- THE DATA:
(* Let $I$ be a nonempty open real interval and let $(f,g)\in\mathscr{B}_0(I)$. For $n\in\mathbb{N}$, $x=(x_1,\dots,x_n)\in I^n$ and $\lambda=(\lambda_1,\dots,\lambda_n)\in\Lambda_n$ write \[ B_{g,f}(x,\lambda):=\Big(\frac{g}{f}\Big)^{-1}\!\left(\frac{\sum_{i=1}^n\lambda_ig(x_i)}{\sum_{i=1}^n\lambda_if(x_i)}\right),\qquad A_h(x,\lambda):=h^{-1}\!\left(\frac{\sum_{i=1}^n\lambda_ih(x_i)}{\sum_{i=1}^n\lambda_i}\right), \] and $B_{g,f}(x)$, $A_h(x)$ for the case $\lambda_1=\dots=\lambda_n=1$. Consider the statements: (i) There exists a continuous strictly monotone $h:I\to\mathbb{R}$ such that $B_{g,f}(x,\lambda)=A_h(x,\lambda)$ for all $n\in\mathbb{N}$, $x\in I^n$, $\lambda\in\Lambda_n$. (ii) There exists a continuous strictly monotone $h:I\to\mathbb{R}$ such that $B_{g,f}(x)=A_h(x)$ for all $n\in\mathbb{N}$ and $x\in I^n$. (iii) There exist a continuous strictly monotone $h:I\to\mathbb{R}$ and $n\geq3$ such that $B_{g,f}(x)=A_h(x)$ for all $x\in I^n$. (iv) There exists a continuous strictly monotone $h:I\to\mathbb{R}$ such that $B_{g,f}(x,\lambda)=A_h(x,\lambda)$ for all $x\in I^2$ and $\lambda\in\Lambda_2$. (v) There exist $t\in\,]0,\frac12[\,\cup\,]\frac12,1[\,$ and a continuous strictly monotone $h:I\to\mathbb{R}$ such that $B_{g,f}(x,\lambda)=A_h(x,\lambda)$ for all $x\in I^2$ with $\lambda=(t,1-t)$. (vi) There exist constants $a,b\in\mathbb{R}$ such that $af+bg=1$ on $I$. (vii) (Applicable when $(f,g)\in\mathscr{B}_2(I)$.) $\Psi_{f,g}=0$ on $I$. Then (i)–(vi) are equivalent, and if in addition $(f,g)\in\mathscr{B}_2(I)$, then (i)–(vii) are all equivalent.
   Context: $\Lambda_n:=\{(\lambda_1,\dots,\lambda_n)\in\mathbb{R}^n:\lambda_1,\dots,\lambda_n\geq0,\ \lambda_1+\dots+\lambda_n>0\}$. $\mathscr{B}_0(I)$ is the class of pairs $(f,g)$ of functions $I\to\mathbb{R}$ such that $f$ is everywhere positive on $I$ and $g/f$ is strictly monotone and continuous on $I$. $\mathscr{B}_2(I)$ is the class of pairs $(f,g)$ such that $f$ is everywhere positive on $I$, $f,g$ are twice continuously differentiable on $I$, and $(g/f)'$ is nowhere zero on $I$. For such pairs, $W^{i,j}_{f,g}:=f^{(i)}g^{(j)}-f^{(j)}g^{(i)}$ and $\Psi_{f,g}:=-W^{2,1}_{f,g}/W^{1,0}_{f,g}$. *)

From Stdlib Require Import Reals ClassicalEpsilon.
From Coquelicot Require Import Coquelicot.
Open Scope R_scope.
(* Let $\varphi$ be an AND-OR formula in which every gate has fan-in two, with its checkpoints placed and the associated formula $\varphi'$ formed as described in the context. Let $v'$ be an internal vertex of $\varphi'$, with children $c'_1,c'_2,\dots,c'_{J+1}$ sorted in decreasing order of their distances from the root of $\varphi'$, and with $s_{c'_1}\ge s_{c'_2}$. Then for every $j\ge 2$, $s_{c'_j}\le s_{v'}/2$. If $v'$ is not a small vertex, then $s_{c'_1}\le s_{v'}-\frac{1}{\sqrt 2}\sqrt{s_{v'}}$.
   Context: An AND-OR formula with fan-in-two gates is a rooted binary tree (root $r$) whose internal vertices are AND or OR gates and whose leaves are input variables. For an internal vertex $v$, $s_1(v)\ge s_2(v)\ge1$ are the numbers of leaves of its two input subformulas (child 1 is a larger one, ties broken arbitrarily). Define $\alpha(v)=\epsilon(v)=\bigl((\sqrt{s_1(v)}+\sqrt{s_2(v)})/\sqrt{s_1(v)+s_2(v)}\bigr)^{1/2}$. Checkpoint placement. Step 1: for every internal vertex $v$, mark the edge from $v$ to its smaller input subformula (child 2). Afterwards every internal vertex has exactly one unmarked edge to a child, so the unmarked edges partition the internal vertices into paths; let $\mathcal{S}$ be the set of vertices that are, for one of these paths, the endpoint closer to $r$. Step 2: for each such path, starting at its far end and moving toward the root, keep track of the product of $\alpha(v)$ (for AND gates) or $\epsilon(v)$ (for OR gates) over the internal vertices added so far; after adding a vertex that makes this product exceed $\sqrt e$, split the path by marking (checkpointing) the edge from that vertex to the next vertex of the path toward the root, and restart the product. The marked edges (''checkpoints'') divide the internal vertices of $\varphi$ into checkpointed paths. The formula $\varphi'$: its internal vertices are the checkpointed paths $\xi$ of $\varphi$, its leaves are the leaves of $\varphi$; the children in $\varphi'$ of a path $\xi$ with $J$ internal vertices are the $J+1$ subformulas hanging off $\xi$ (each a leaf of $\varphi$ or the path beginning at the corresponding child vertex). For a vertex $v'$ of $\varphi'$, $s_{v'}$ is the number of leaves of $\varphi$ in the subformula rooted at $v'$ (equal to $1$ for a leaf). An internal vertex $v'$ of $\varphi'$ is small if its checkpointed path has an endpoint in $\mathcal{S}$. *)

From Stdlib Require Import Reals List Sorted Permutation Arith.
Import ListNotations.
Open Scope R_scope.
(* Let $(a,b)\subset\mathbb{R}$ be a finite interval, $m,n\in\mathbb{N}$, $\varepsilon_0>0$. For each $\varepsilon\in[0,\varepsilon_0)$ let $A(\cdot;\varepsilon)\in (W^{n-1}_\infty)^{m\times m}$ and let $L(\varepsilon)\colon (W^n_\infty)^m\to(W^{n-1}_\infty)^m$, $L(\varepsilon)y:=y'+A(\cdot;\varepsilon)y$. The following three conditions are equivalent: (I) $A(\cdot;\varepsilon)\to A(\cdot;0)$ in $(W^{n-1}_\infty)^{m\times m}$ as $\varepsilon\to0+$; $(a_1)$ $\|L(\varepsilon)-L(0)\|\to0$ as $\varepsilon\to0+$, where $\|\cdot\|$ is the operator norm from $(W^n_\infty)^m$ to $(W^{n-1}_\infty)^m$; $(a_2)$ $L(\varepsilon)y\to L(0)y$ in $(W^{n-1}_\infty)^m$ as $\varepsilon\to0+$ for every $y\in(W^n_\infty)^m$.
   Context: For an integer $k\ge0$, $W^k_\infty=W^k_\infty([a,b];\mathbb{C})$ is the Sobolev space of complex functions on $[a,b]$ whose derivatives up to order $k$ are essentially bounded, with norm $\|y\|_{k,\infty}=\sum_{j=0}^k\|y^{(j)}\|_{L_\infty}$; $W^0_\infty=L_\infty$. $(W^k_\infty)^m$, $(W^k_\infty)^{m\times m}$ denote vector/matrix functions with components in $W^k_\infty$, normed componentwise. *)

From HB Require Import structures.
From mathcomp Require Import all_boot all_order all_algebra.
From mathcomp Require Import all_classical all_reals all_analysis.
From mathcomp Require Import complex ess_sup_inf.
Set Implicit Arguments. Unset Strict Implicit. Unset Printing Implicit Defensive.
Import Order.TTheory GRing.Theory Num.Theory.
Import numFieldNormedType.Exports.
Local Open Scope classical_set_scope.
Local Open Scope ring_scope.

Section Sobolev.
Variable R : realType.
Local Notation C := (R[i]).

- ASSIGNMENT: The response should be a verbatim transcription of the data.

- COMPLETED TASK:
(* Let $I$ be a nonempty open real interval and let $(f,g)\in\mathscr{B}_0(I)$. For $n\in\mathbb{N}$, $x=(x_1,\dots,x_n)\in I^n$ and $\lambda=(\lambda_1,\dots,\lambda_n)\in\Lambda_n$ write \[ B_{g,f}(x,\lambda):=\Big(\frac{g}{f}\Big)^{-1}\!\left(\frac{\sum_{i=1}^n\lambda_ig(x_i)}{\sum_{i=1}^n\lambda_if(x_i)}\right),\qquad A_h(x,\lambda):=h^{-1}\!\left(\frac{\sum_{i=1}^n\lambda_ih(x_i)}{\sum_{i=1}^n\lambda_i}\right), \] and $B_{g,f}(x)$, $A_h(x)$ for the case $\lambda_1=\dots=\lambda_n=1$. Consider the statements: (i) There exists a continuous strictly monotone $h:I\to\mathbb{R}$ such that $B_{g,f}(x,\lambda)=A_h(x,\lambda)$ for all $n\in\mathbb{N}$, $x\in I^n$, $\lambda\in\Lambda_n$. (ii) There exists a continuous strictly monotone $h:I\to\mathbb{R}$ such that $B_{g,f}(x)=A_h(x)$ for all $n\in\mathbb{N}$ and $x\in I^n$. (iii) There exist a continuous strictly monotone $h:I\to\mathbb{R}$ and $n\geq3$ such that $B_{g,f}(x)=A_h(x)$ for all $x\in I^n$. (iv) There exists a continuous strictly monotone $h:I\to\mathbb{R}$ such that $B_{g,f}(x,\lambda)=A_h(x,\lambda)$ for all $x\in I^2$ and $\lambda\in\Lambda_2$. (v) There exist $t\in\,]0,\frac12[\,\cup\,]\frac12,1[\,$ and a continuous strictly monotone $h:I\to\mathbb{R}$ such that $B_{g,f}(x,\lambda)=A_h(x,\lambda)$ for all $x\in I^2$ with $\lambda=(t,1-t)$. (vi) There exist constants $a,b\in\mathbb{R}$ such that $af+bg=1$ on $I$. (vii) (Applicable when $(f,g)\in\mathscr{B}_2(I)$.) $\Psi_{f,g}=0$ on $I$. Then (i)–(vi) are equivalent, and if in addition $(f,g)\in\mathscr{B}_2(I)$, then (i)–(vii) are all equivalent.
   Context: $\Lambda_n:=\{(\lambda_1,\dots,\lambda_n)\in\mathbb{R}^n:\lambda_1,\dots,\lambda_n\geq0,\ \lambda_1+\dots+\lambda_n>0\}$. $\mathscr{B}_0(I)$ is the class of pairs $(f,g)$ of functions $I\to\mathbb{R}$ such that $f$ is everywhere positive on $I$ and $g/f$ is strictly monotone and continuous on $I$. $\mathscr{B}_2(I)$ is the class of pairs $(f,g)$ such that $f$ is everywhere positive on $I$, $f,g$ are twice continuously differentiable on $I$, and $(g/f)'$ is nowhere zero on $I$. For such pairs, $W^{i,j}_{f,g}:=f^{(i)}g^{(j)}-f^{(j)}g^{(i)}$ and $\Psi_{f,g}:=-W^{2,1}_{f,g}/W^{1,0}_{f,g}$. *)

From Stdlib Require Import Reals ClassicalEpsilon.
From Coquelicot Require Import Coquelicot.
Open Scope R_scope.
(* Let $\varphi$ be an AND-OR formula in which every gate has fan-in two, with its checkpoints placed and the associated formula $\varphi'$ formed as described in the context. Let $v'$ be an internal vertex of $\varphi'$, with children $c'_1,c'_2,\dots,c'_{J+1}$ sorted in decreasing order of their distances from the root of $\varphi'$, and with $s_{c'_1}\ge s_{c'_2}$. Then for every $j\ge 2$, $s_{c'_j}\le s_{v'}/2$. If $v'$ is not a small vertex, then $s_{c'_1}\le s_{v'}-\frac{1}{\sqrt 2}\sqrt{s_{v'}}$.
   Context: An AND-OR formula with fan-in-two gates is a rooted binary tree (root $r$) whose internal vertices are AND or OR gates and whose leaves are input variables. For an internal vertex $v$, $s_1(v)\ge s_2(v)\ge1$ are the numbers of leaves of its two input subformulas (child 1 is a larger one, ties broken arbitrarily). Define $\alpha(v)=\epsilon(v)=\bigl((\sqrt{s_1(v)}+\sqrt{s_2(v)})/\sqrt{s_1(v)+s_2(v)}\bigr)^{1/2}$. Checkpoint placement. Step 1: for every internal vertex $v$, mark the edge from $v$ to its smaller input subformula (child 2). Afterwards every internal vertex has exactly one unmarked edge to a child, so the unmarked edges partition the internal vertices into paths; let $\mathcal{S}$ be the set of vertices that are, for one of these paths, the endpoint closer to $r$. Step 2: for each such path, starting at its far end and moving toward the root, keep track of the product of $\alpha(v)$ (for AND gates) or $\epsilon(v)$ (for OR gates) over the internal vertices added so far; after adding a vertex that makes this product exceed $\sqrt e$, split the path by marking (checkpointing) the edge from that vertex to the next vertex of the path toward the root, and restart the product. The marked edges (''checkpoints'') divide the internal vertices of $\varphi$ into checkpointed paths. The formula $\varphi'$: its internal vertices are the checkpointed paths $\xi$ of $\varphi$, its leaves are the leaves of $\varphi$; the children in $\varphi'$ of a path $\xi$ with $J$ internal vertices are the $J+1$ subformulas hanging off $\xi$ (each a leaf of $\varphi$ or the path beginning at the corresponding child vertex). For a vertex $v'$ of $\varphi'$, $s_{v'}$ is the number of leaves of $\varphi$ in the subformula rooted at $v'$ (equal to $1$ for a leaf). An internal vertex $v'$ of $\varphi'$ is small if its checkpointed path has an endpoint in $\mathcal{S}$. *)

From Stdlib Require Import Reals List Sorted Permutation Arith.
Import ListNotations.
Open Scope R_scope.
(* Let $(a,b)\subset\mathbb{R}$ be a finite interval, $m,n\in\mathbb{N}$, $\varepsilon_0>0$. For each $\varepsilon\in[0,\varepsilon_0)$ let $A(\cdot;\varepsilon)\in (W^{n-1}_\infty)^{m\times m}$ and let $L(\varepsilon)\colon (W^n_\infty)^m\to(W^{n-1}_\infty)^m$, $L(\varepsilon)y:=y'+A(\cdot;\varepsilon)y$. The following three conditions are equivalent: (I) $A(\cdot;\varepsilon)\to A(\cdot;0)$ in $(W^{n-1}_\infty)^{m\times m}$ as $\varepsilon\to0+$; $(a_1)$ $\|L(\varepsilon)-L(0)\|\to0$ as $\varepsilon\to0+$, where $\|\cdot\|$ is the operator norm from $(W^n_\infty)^m$ to $(W^{n-1}_\infty)^m$; $(a_2)$ $L(\varepsilon)y\to L(0)y$ in $(W^{n-1}_\infty)^m$ as $\varepsilon\to0+$ for every $y\in(W^n_\infty)^m$.
   Context: For an integer $k\ge0$, $W^k_\infty=W^k_\infty([a,b];\mathbb{C})$ is the Sobolev space of complex functions on $[a,b]$ whose derivatives up to order $k$ are essentially bounded, with norm $\|y\|_{k,\infty}=\sum_{j=0}^k\|y^{(j)}\|_{L_\infty}$; $W^0_\infty=L_\infty$. $(W^k_\infty)^m$, $(W^k_\infty)^{m\times m}$ denote vector/matrix functions with components in $W^k_\infty$, normed componentwise. *)

From HB Require Import structures.
From mathcomp Require Import all_boot all_order all_algebra.
From mathcomp Require Import all_classical all_reals all_analysis.
From mathcomp Require Import complex ess_sup_inf.
Set Implicit Arguments. Unset Strict Implicit. Unset Printing Implicit Defensive.
Import Order.TTheory GRing.Theory Num.Theory.
Import numFieldNormedType.Exports.
Local Open Scope classical_set_scope.
Local Open Scope ring_scope.

Section Sobolev.
Variable R : realType.
Local Notation C := (R[i]).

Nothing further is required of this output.